Comment 17 Khaled Hosny (inactive) 2017-10-11 10:45:58 UTC
This is not really a bug but the expected Unicode bidirectional text rendering. The claim that MS Office handles this differently have not been supported with evidence (it wouldn’t matter even, MS Office is known not be in full compliance with Unicode Bidirectional Text Algorithm).
Comment 18 Mike Kaganski 2017-10-16 06:40:14 UTC
(In reply to Khaled Hosny from comment #17)

Khaled:

I agree with OP, that there *is* a problem here. Again: that's not the problem of rendering! There's nothing to Unicode bidirectional text algorithm.
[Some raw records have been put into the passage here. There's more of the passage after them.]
(* Let $K$ be a simplicial complex on the vertex set $[m]$ and let $I\subseteq[m]$. Then the fixed point set $(\mathcal{Z}_K)^{T^I}$ is empty if $I\notin K$, and if $I\in K$ it is $\mathbb{Z}_2$-equivariantly homeomorphic to $\mathcal{Z}_{\operatorname{lk}_K(I)}$, where both carry the complex conjugation $\mathbb{Z}_2$-action.
   Context: The moment-angle complex is $\mathcal{Z}_K=\bigcup_{\sigma\in K}\{(z_1,\ldots,z_m)\in(D^2)^m: |z_i|=1\text{ for } i\notin\sigma\}$, where $D^2$ is the closed unit disc in $\mathbb{C}$. The torus $T^m=(S^1)^m$ acts by coordinatewise multiplication and $T^I=\{t\in T^m: t_i=1 \text{ for } i\notin I\}$ acts by restriction; $\mathbb{Z}_2$ acts by coordinatewise complex conjugation. The link of a face $\sigma$ is $\operatorname{lk}_K(\sigma)=\{\tau\in K:\tau\cap\sigma=\varnothing,\ \tau\cup\sigma\in K\}$, regarded as a simplicial complex on the vertex set $[m]\setminus\sigma$, and $\mathcal{Z}_{\operatorname{lk}_K(I)}\subseteq(D^2)^{[m]\setminus I}$ is formed with respect to that vertex set. *)

From HB Require Import structures.
From mathcomp Require Import all_boot all_order all_algebra.
From mathcomp Require Import all_classical all_reals all_analysis.
Set Implicit Arguments. Unset Strict Implicit. Unset Printing Implicit Defensive.
Import Order.TTheory GRing.Theory Num.Theory.
Import numFieldNormedType.Exports.
Local Open Scope classical_set_scope.
Local Open Scope ring_scope.

(* Complex numbers modelled as pairs (Re, Im) of reals, with the product
   topology of R * R (= the usual topology of C). *)
Notation cpx R := (R * R)%type.

Definition cmul (R : realType) (z w : cpx R) : cpx R :=
  (z.1 * w.1 - z.2 * w.2, z.1 * w.2 + z.2 * w.1).
Definition cconj (R : realType) (z : cpx R) : cpx R := (z.1, - z.2).
Definition cone (R : realType) : cpx R := (1, 0).
Definition cnorm2 (R : realType) (z : cpx R) : R := z.1 ^+ 2 + z.2 ^+ 2.

Definition disc (R : realType) : set (cpx R) := [set z | cnorm2 z <= 1].
Definition circle (R : realType) : set (cpx R) := [set z | cnorm2 z = 1].

Notation pts R V := {ptws V -> (R * R)%type}.

(* simplicial complex on the vertex set V (ghost vertices allowed) *)
Definition is_simplicial_complex (V : finType) (K : {set {set V}}) : Prop :=
  finset.set0 \in K /\ (forall s t : {set V}, s \in K -> t \subset s -> t \in K).

Definition moment_angle (R : realType) (V : finType) (K : {set {set V}})
  : set (pts R V) :=
  [set z | exists2 s, s \in K &
     (forall i, disc (z i)) /\ (forall i, i \notin s -> circle (z i))].

Definition subtorus (R : realType) (V : finType) (I : {set V}) : set (pts R V) :=
  [set t | (forall i, circle (t i)) /\ (forall i, i \notin I -> t i = cone R)].

Definition tact (R : realType) (V : finType) (t z : pts R V) : pts R V :=
  fun i => cmul (t i) (z i).

Definition conjact (R : realType) (V : finType) (z : pts R V) : pts R V :=
  fun i => cconj (z i).

Definition torus_fixed (R : realType) (V : finType) (K : {set {set V}}) (I : {set V})
  : set (pts R V) :=
  [set z | moment_angle K z /\ (forall t, @subtorus R V I t -> tact t z = z)].

Definition compl_vert (V : finType) (I : {set V}) := {i : V | i \notin I}.

(* link of I in K, as a complex on the vertex set V \ I *)
Definition link (V : finType) (K : {set {set V}}) (I : {set V})
  : {set {set compl_vert I}} :=
  [set t : {set compl_vert I} | (val @: t) :|: I \in K].

Definition Z2_homeomorphic (R : realType) (V W : finType)
  (A : set (pts R V)) (B : set (pts R W)) : Prop :=
  exists (f : pts R V -> pts R W) (g : pts R W -> pts R V),
    (forall x, A x -> B (f x)) /\ (forall y, B y -> A (g y)) /\
    (forall x, A x -> g (f x) = x) /\ (forall y, B y -> f (g y) = y) /\
    {within A, continuous f} /\ {within B, continuous g} /\
    (forall x, A x -> f (conjact x) = conjact (f x)).

Arguments moment_angle R {V} K.
Arguments torus_fixed R {V} K I.

(* A point z of Z_K is fixed by T^I exactly when z_i = 0 for every i in I:
   the element of T^I that is -1 at i and 1 elsewhere already forces this.
   A zero coordinate cannot lie on the circle, so the face s carrying z
   contains I; hence the fixed set is empty unless I is a face.  When I is a
   face, forgetting the (zero) coordinates in I and extending by zero are
   mutually inverse continuous maps between (Z_K)^{T^I} and Z_{lk_K(I)}: a face
   t of the link corresponds to the face t + I of K.  Both maps act
   coordinatewise, so they commute with complex conjugation. *)

From HB Require Import structures.
From mathcomp Require Import all_boot all_order all_algebra.
From mathcomp Require Import all_classical all_reals all_analysis.
From mathcomp Require Import lra.
Set Implicit Arguments. Unset Strict Implicit.
Import Order.TTheory GRing.Theory Num.Theory.
Import numFieldNormedType.Exports.
Local Open Scope classical_set_scope.
Local Open Scope ring_scope.

Lemma continuous_ptws (T : topologicalType) (U : Type) (V : topologicalType)
    (h : T -> {ptws U -> V}) :
  (forall i, continuous (fun x => h x i)) -> continuous h.
Proof.
move=> hc x; apply/cvg_sup => i A /= [_ [[B oB <-] Bhxi BA]].
exact: filterS BA (hc i x B (open_nbhs_nbhs (conj oB Bhxi))).
Qed.

Section ComplexCoordinates.
Variable R : realType.

Lemma circle_cone : circle (cone R).
Proof. by rewrite /circle /cnorm2 /= expr1n expr0n addr0. Qed.

Lemma circleN1 : circle ((-1, 0) : cpx R).
Proof. by rewrite /circle /cnorm2 /= sqrrN expr1n expr0n addr0. Qed.

Lemma circle0 : ~ circle ((0, 0) : cpx R).
Proof. by rewrite /circle /cnorm2 /= expr0n addr0 => /esym/eqP; rewrite oner_eq0. Qed.

Lemma disc0 : disc ((0, 0) : cpx R).
Proof. by rewrite /disc /cnorm2 /= expr0n addr0 ler01. Qed.

Lemma cmul1l (w : cpx R) : cmul (cone R) w = w.
Proof. by case: w => a b; rewrite /cmul /= !mul1r !mul0r subr0 addr0. Qed.

Lemma cmulr0 (t : cpx R) : cmul t (0, 0) = (0, 0).
Proof. by rewrite /cmul /= !mulr0 subr0 addr0. Qed.

Lemma cmulN1_fixed (w : cpx R) : cmul (-1, 0) w = w -> w = (0, 0).
Proof.
case: w => a b; rewrite /cmul /= => -[ha hb].
by congr pair; lra.
Qed.

End ComplexCoordinates.

Section FixedPoints.
Variables (R : realType) (V : finType) (K : {set {set V}}) (I : {set V}).
Hypothesis K_down : forall s t : {set V}, s \in K -> t \subset s -> t \in K.

Lemma subtorus_fixedP (z : pts R V) :
  (forall t, @subtorus R V I t -> tact t z = z) <-> {in I, forall i, z i = (0, 0)}.
Proof.
split=> [zfix i iI | z0 t [_ t1]].
  pose t : pts R V := fun k => if k == i then (-1, 0) else cone R.
  apply: cmulN1_fixed; have /(congr1 (fun y => y i)) : tact t z = z.
    apply: zfix; split=> k; rewrite /t.
      by case: eqP => _; [exact: circleN1 | exact: circle_cone].
    by case: eqP => // -> /negP.
  by rewrite /tact /t eqxx.
apply/funext => i; rewrite /tact.
by have [/z0 ->|/t1 ->] := boolP (i \in I); [exact: cmulr0 | exact: cmul1l].
Qed.

Lemma torus_fixed_face (z : pts R V) : torus_fixed R K I z ->
  exists2 s, s \in K &
    [/\ I \subset s, forall i, disc (z i) & forall i, i \notin s -> circle (z i)].
Proof.
move=> [[s sK [zd zc]] /subtorus_fixedP z0]; exists s => //; split => //.
apply/fintype.subsetP => i iI; apply/negPn/negP => /zc.
by rewrite z0 //; exact: circle0.
Qed.

Lemma mem_face_of_torus_fixed (z : pts R V) : torus_fixed R K I z -> I \in K.
Proof. by case/torus_fixed_face => s sK [Is _ _]; exact: K_down Is. Qed.

Definition restrict_compl (z : pts R V) : pts R (compl_vert I) :=
  fun j => z (val j).

Definition extend_zero (w : pts R (compl_vert I)) : pts R V :=
  fun i => if insub i is Some j then w j else (0, 0).

Lemma restrict_complK : cancel extend_zero restrict_compl.
Proof. by move=> w; apply/funext => j; rewrite /restrict_compl /extend_zero valK. Qed.

Lemma extend_zeroK (z : pts R V) : torus_fixed R K I z ->
  extend_zero (restrict_compl z) = z.
Proof.
move=> [_ /subtorus_fixedP z0]; apply/funext => i; rewrite /extend_zero.
by case: insubP => [j _ <- // | /negPn /z0 ->].
Qed.

Lemma restrict_compl_fixed (z : pts R V) : torus_fixed R K I z ->
  moment_angle R (link K I) (restrict_compl z).
Proof.
case/torus_fixed_face => s sK [Is zd zc].
exists [set j : compl_vert I | val j \in s]%SET.
  rewrite /link inE; apply: K_down sK _; rewrite finset.subUset Is andbT.
  by apply/fintype.subsetP => i /imsetP [j + ->]; rewrite inE.
by split=> j; [exact: zd | rewrite inE => /zc].
Qed.

Lemma extend_zero_fixed (w : pts R (compl_vert I)) :
  moment_angle R (link K I) w -> torus_fixed R K I (extend_zero w).
Proof.
case=> t; rewrite /link inE => tK [wd wc]; split.
  exists ((val @: t) :|: I) => //; split=> i; rewrite /extend_zero.
    by case: insubP => [j _ _ | _]; [exact: wd | exact: disc0].
  rewrite finset.in_setU negb_or => /andP [it iI].
  case: insubP => [j _ ij | ]; last by rewrite iI.
  by apply: wc; apply: contra it => jt; rewrite -ij imset_f.
apply/subtorus_fixedP => i iI; rewrite /extend_zero.
by case: insubP => // j; rewrite iI.
Qed.

Lemma restrict_compl_conj (z : pts R V) :
  restrict_compl (conjact z) = conjact (restrict_compl z).
Proof. by []. Qed.

Lemma restrict_compl_continuous : continuous restrict_compl.
Proof. by apply: continuous_ptws => j; exact: proj_continuous. Qed.

Lemma extend_zero_continuous : continuous extend_zero.
Proof.
apply: continuous_ptws => i; rewrite /extend_zero.
by case: insub => [j|]; [exact: proj_continuous | exact: cst_continuous].
Qed.

End FixedPoints.

Theorem lemma3p5 (R : realType) (m : nat) (K : {set {set 'I_m}}) (I : {set 'I_m}) :
  is_simplicial_complex K ->
  (I \notin K -> torus_fixed R K I = set0) /\
  (I \in K -> Z2_homeomorphic (torus_fixed R K I) (moment_angle R (link K I))).
Proof.
move=> [_ K_down]; split.
  move=> /negP IK; apply/seteqP; split => // z.
  by move/(mem_face_of_torus_fixed K_down).
move=> _; exists (@restrict_compl R _ I), (@extend_zero R _ I).
split; first exact: restrict_compl_fixed.
split; first exact: extend_zero_fixed.
split; first exact: extend_zeroK.
split; first by move=> w _; exact: restrict_complK.
split; first exact/continuous_subspaceT/restrict_compl_continuous.
split; first exact/continuous_subspaceT/extend_zero_continuous.
by move=> z _; exact: restrict_compl_conj.
Qed.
The user is able to manually create good-looking text if user performs some special actions; i.e., citing comment #0,

> Todays LibreOffice's solution is to add LRM and RLM chars in the correct place

Of course, text *rendering* should not place some formatting characters anywhere they aren't present in source. But the problem is not rendering, as already said multiple times; the problem is *input*, which should analyse the situation (current IME mode?) and insert those characters at input stage, when the string is created from keyboard. So, I suggest you to revert your decision to dismiss this, as UX-wise, this is a horrible bug actually.
Comment 19 Khaled Hosny (inactive) 2017-10-17 14:14:58 UTC
(In reply to Mike Kaganski from comment #18)
> (In reply to Khaled Hosny from comment #17)
> 
> Khaled:
> 
> I agree with OP, that there *is* a problem here. Again: that's not the
> problem of rendering! There's nothing to Unicode bidirectional text
> algorithm. The user is able to manually create good-looking text if user
> performs some special actions; i.e., citing comment #0,
> 
> > Todays LibreOffice's solution is to add LRM and RLM chars in the correct place
> 
> Of course, text *rendering* should not place some formatting characters
> anywhere they aren't present in source. But the problem is not rendering, as
> already said multiple times; the problem is *input*, which should analyse
> the situation (current IME mode?) and insert those characters at input
> stage, when the string is created from keyboard. So, I suggest you to revert
> your decision to dismiss this, as UX-wise, this is a horrible bug actually.

There is no concrete proposal what should be done here. I don’t personally think we should start inserting characters the user didn’t type, not invisible ones at least. I don’t know any program that does that (regarding weak bidi characters) apart from what said here about MS Word (and I don’t think this is publicly specified anywhere, so we would be effectively reverse-engineering it). Also I feel that whatever we do here is likely to have undesired side-effects, if there were a robust way to handle this it would have made it to UBA by now.

But anyway, that is my 2 qirsh, feel free to re-open the issue if you think otherwise.